During the code generation phase, for each IR node, an opcode is fetched from the node. This opcode is then passed through an opcode mapper (see CVMJITgetMassagedIROpcode() in jitopcodes.c).
This mapper (or massager) maps similar opcodes into a common representative opcode. This allows us to reduce the number of grammar rules that need to be written. For example, boolean, byte, char, short, float, and int getfields can all be implemented using the same 32-bit getfield implementation. So, the mapper can map all these getfield opcodes into the int getfield opcode since they would all generate identical code anyway. This in turn means that we only need a single rule to generate the code for an int getfield operation. We don't need variants for the other types specified above.
Like the IR, the grammar rules also need to encapsulate some Java VM semantics. For example, it needs to know when exceptions can be thrown so that it can save the thread stack state before the exception potentially gets thrown. This is necessary since the exception handling relies on stack information. Another example is the capture of stackmaps.
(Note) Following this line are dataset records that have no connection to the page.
(* Let $n\ge 3$ be an integer and let $a_1,\dots,a_n$ be real numbers such that $2a_k\le a_{k-1}+a_{k+1}$ for $k=2,\dots,n-1$ and $0\le 2a_n\le a_{n-1}$. Then for all $x\in(0,\pi)$, $$L_n(x)=\sum_{j=1}^n a_j\sin(jx)-\sum_{j=1}^{n-2}a_{j+2}\sin(jx)\ge 0.$$ *)

From Stdlib Require Import Reals.
Open Scope R_scope.

Fixpoint sumR (m : nat) (f : nat -> R) : R :=
  match m with
  | O => 0
  | S k => sumR k f + f (S k)
  end.

Definition Ln (n : nat) (a : nat -> R) (x : R) : R :=
  sumR n (fun j => a j * sin (INR j * x))
  - sumR (n - 2) (fun j => a (j + 2)%nat * sin (INR j * x)).

(* Multiplying by 1 - cos x, which is positive on (0, pi), each difference
   sin((j+1)x) - sin((j-1)x) becomes sin x times a second difference of the
   sequence 1 - cos(jx).  Summation by parts then moves these second
   differences onto the coefficients:
     (1 - cos x) L_{k+2}(x) = sin x * (sum_{j<=k} (a_j - 2a_{j+1} + a_{j+2}) (1 - cos jx)
                                      + (a_{k+1} - 2a_{k+2}) (1 - cos (k+1)x)
                                      + a_{k+2} (1 - cos (k+2)x)),
   and every term on the right is nonnegative under the convexity hypotheses. *)

From Stdlib Require Import Reals Lra Lia Psatz.
Open Scope R_scope.

Lemma sumR_nonneg (m : nat) (f : nat -> R) :
  (forall j, (1 <= j <= m)%nat -> 0 <= f j) -> 0 <= sumR m f.
Proof.
  induction m as [|m IH]; intros Hf; simpl; [lra|].
  assert (0 <= f (S m)) by (apply Hf; lia).
  assert (0 <= sumR m f) by (apply IH; intros; apply Hf; lia).
  lra.
Qed.

Lemma one_minus_cos_ge0 (y : R) : 0 <= 1 - cos y.
Proof. pose proof (COS_bound y). lra. Qed.

Lemma one_minus_cos_mul_sin_diff (x y : R) :
  (1 - cos x) * (sin (y + x) - sin (y - x))
  = sin x * ((1 - cos (y - x)) - 2 * (1 - cos y) + (1 - cos (y + x))).
Proof. rewrite sin_plus, sin_minus, cos_plus, cos_minus. ring. Qed.

Section CosineForm.

Variables (a : nat -> R) (x : R).

Definition second_diff (j : nat) : R := a j - 2 * a (S j) + a (S (S j)).

Definition Ln_cosine_form (k : nat) : R :=
  sumR k (fun j => second_diff j * (1 - cos (INR j * x)))
  + (a (S k) - 2 * a (S (S k))) * (1 - cos (INR (S k) * x))
  + a (S (S k)) * (1 - cos (INR (S (S k)) * x)).

(* The vanishing term sin (x - x) makes the base case an instance of
   one_minus_cos_mul_sin_diff at y = x. *)
Lemma Ln_two : Ln 2 a x = a 1%nat * sin x + a 2%nat * (sin (x + x) - sin (x - x)).
Proof.
  unfold Ln; simpl sumR; simpl INR.
  replace ((1 + 1) * x) with (x + x) by ring.
  replace (x - x) with 0 by ring.
  rewrite sin_0, Rmult_1_l. ring.
Qed.

Lemma Ln_succ (k : nat) :
  Ln (S (S (S k))) a x
  = Ln (S (S k)) a x
    + a (S (S (S k))) * (sin (INR (S (S (S k))) * x) - sin (INR (S k) * x)).
Proof.
  unfold Ln.
  replace (S (S (S k)) - 2)%nat with (S k) by lia.
  replace (S (S k) - 2)%nat with k by lia.
  cbn [sumR].
  replace (S k + 2)%nat with (S (S (S k))) by lia.
  ring.
Qed.

Lemma Ln_cosine_form_succ (k : nat) :
  Ln_cosine_form (S k)
  = Ln_cosine_form k
    + a (S (S (S k))) * ((1 - cos (INR (S k) * x)) - 2 * (1 - cos (INR (S (S k)) * x))
                         + (1 - cos (INR (S (S (S k))) * x))).
Proof. unfold Ln_cosine_form, second_diff. cbn [sumR]. ring. Qed.

Lemma one_minus_cos_mul_Ln (k : nat) :
  (1 - cos x) * Ln (S (S k)) a x = sin x * Ln_cosine_form k.
Proof.
  induction k as [|k IH].
  - rewrite Ln_two.
    transitivity (a 1%nat * sin x * (1 - cos x)
                  + a 2%nat * ((1 - cos x) * (sin (x + x) - sin (x - x)))); [ring|].
    rewrite one_minus_cos_mul_sin_diff.
    unfold Ln_cosine_form; simpl sumR; simpl INR.
    replace (1 * x) with x by ring; replace ((1 + 1) * x) with (x + x) by ring.
    replace (x - x) with 0 by ring; rewrite cos_0. ring.
  - rewrite Ln_succ, Ln_cosine_form_succ, !Rmult_plus_distr_l, IH.
    set (y := INR (S (S k)) * x).
    replace (INR (S k) * x) with (y - x) by (unfold y; rewrite (S_INR (S k)); ring).
    replace (INR (S (S (S k))) * x) with (y + x)
      by (unfold y; rewrite (S_INR (S (S k))); ring).
    transitivity (sin x * Ln_cosine_form k
                  + a (S (S (S k))) * ((1 - cos x) * (sin (y + x) - sin (y - x)))); [ring|].
    rewrite one_minus_cos_mul_sin_diff.
    ring.
Qed.

Lemma Ln_cosine_form_nonneg (k : nat) :
  (forall j, (1 <= j <= k)%nat -> 0 <= second_diff j) ->
  0 <= a (S k) - 2 * a (S (S k)) -> 0 <= a (S (S k)) ->
  0 <= Ln_cosine_form k.
Proof.
  intros Hdiff Htail Hlast.
  assert (0 <= sumR k (fun j => second_diff j * (1 - cos (INR j * x)))).
  { apply sumR_nonneg; intros j Hj.
    apply Rmult_le_pos; [now apply Hdiff | apply one_minus_cos_ge0]. }
  pose proof (one_minus_cos_ge0 (INR (S k) * x)).
  pose proof (one_minus_cos_ge0 (INR (S (S k)) * x)).
  unfold Ln_cosine_form. nra.
Qed.

End CosineForm.

Theorem lemma2p4 (n : nat) (a : nat -> R)
  (hn : (3 <= n)%nat)
  (hconv : forall k : nat, (2 <= k)%nat -> (k <= n - 1)%nat ->
             2 * a k <= a (k - 1)%nat + a (k + 1)%nat)
  (hlast0 : 0 <= 2 * a n)
  (hlast1 : 2 * a n <= a (n - 1)%nat) :
  forall x : R, 0 < x < PI -> 0 <= Ln n a x.
Proof.
  intros x [hx0 hxpi].
  destruct n as [|[|k]]; try lia.
  replace (S (S k) - 1)%nat with (S k) in hlast1 by lia.
  assert (Hsin : 0 < sin x) by (apply sin_gt_0; lra).
  assert (Hcos : cos x < 1) by (rewrite <- cos_0; apply cos_decreasing_1; lra).
  assert (Hform : 0 <= Ln_cosine_form a x k).
  { apply Ln_cosine_form_nonneg; [|lra|lra].
    intros j Hj; unfold second_diff.
    pose proof (hconv (S j) ltac:(lia) ltac:(lia)) as Hj2.
    replace (S j - 1)%nat with j in Hj2 by lia.
    replace (S j + 1)%nat with (S (S j)) in Hj2 by lia.
    lra. }
  pose proof (one_minus_cos_mul_Ln a x k) as Hid.
  assert (0 <= (1 - cos x) * Ln (S (S k)) a x) by (rewrite Hid; nra).
  nra.
Qed.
The grammar rules need to know when garbage collection (GC) can occur, and make sure to capture a stackmap at that point. The stackmaps are necessary in order for the GC to do its work. Since these actions are relate to code generation, there's no way for the JIT front-end to alleviate the back-end of this burden.
Note: the grammar rules are synonymous with the code generator (aka codegen) since they work as the driver mechanism for generating code. To see some examples of codegen output, build CVM with build options CVM_TRACE_JIT=true or CVM_DEBUG=true, and run with the command line option -Xjit:trace=codegen.
Again, make sure to run a more substantial program than HelloWorld. Otherwise, you won't see any codegen trace output due to HelloWorld not running long enough to be compiled.
Other components in the RISC layer includes a stack manager which tracks the operand stack semantics for the code generator, a register manager that tracks register usage in the RISC register file, and a stackmap capture mechanism that captures the method stackmap at various points in code execution when requested by the codegen.
Emitters (short for instruction emitters) are functions that are called by the grammar rules to write out the encoding of CPU instructions. The RISC layer defines a RISC porting layer that includes a set of emitters.
When porting to a new CPU architecture, these emitter functions need to be written. Emitter functions are mostly CPU specific code. There are some "complex" emitters provided by the RISC layer that performs the semantics of emitting instructions but actually does its work by calling into one or more of the emitters which are CPU specific.
To write CPU specific emitters, one only need to know of the semantics that the RISC layer expects of the instruction, as well as the CPU specific instruction encodings. Emitters usually emit single instructions, but may occasionally emit more than one instruction to implement the semantics if the CPU does not have a native instruction that will do the job.
For an example of emitters, see the ARM version of jitemitter_cpu.c.
Have it Your Way!
The RISC grammar rules can be overridden by CPU specific grammar rules. For example, see the ARM specific version of the grammar rules. This overriding allows the codegen to make use of CPU specific features (e.g. special instructions) to implement certain operations more efficiently.
Overriding does not mean that all the RISC rules are replaced at once. Instead, the CPU specific rules are added to the RISC rules. But through the use of a cost value system, JCS will select the CPU specific rules over the RISC rules thereby giving the affect of rules overriding. If the CPU specific version does not provide alternatives for some rules, the corresponding RISC version will be used as before.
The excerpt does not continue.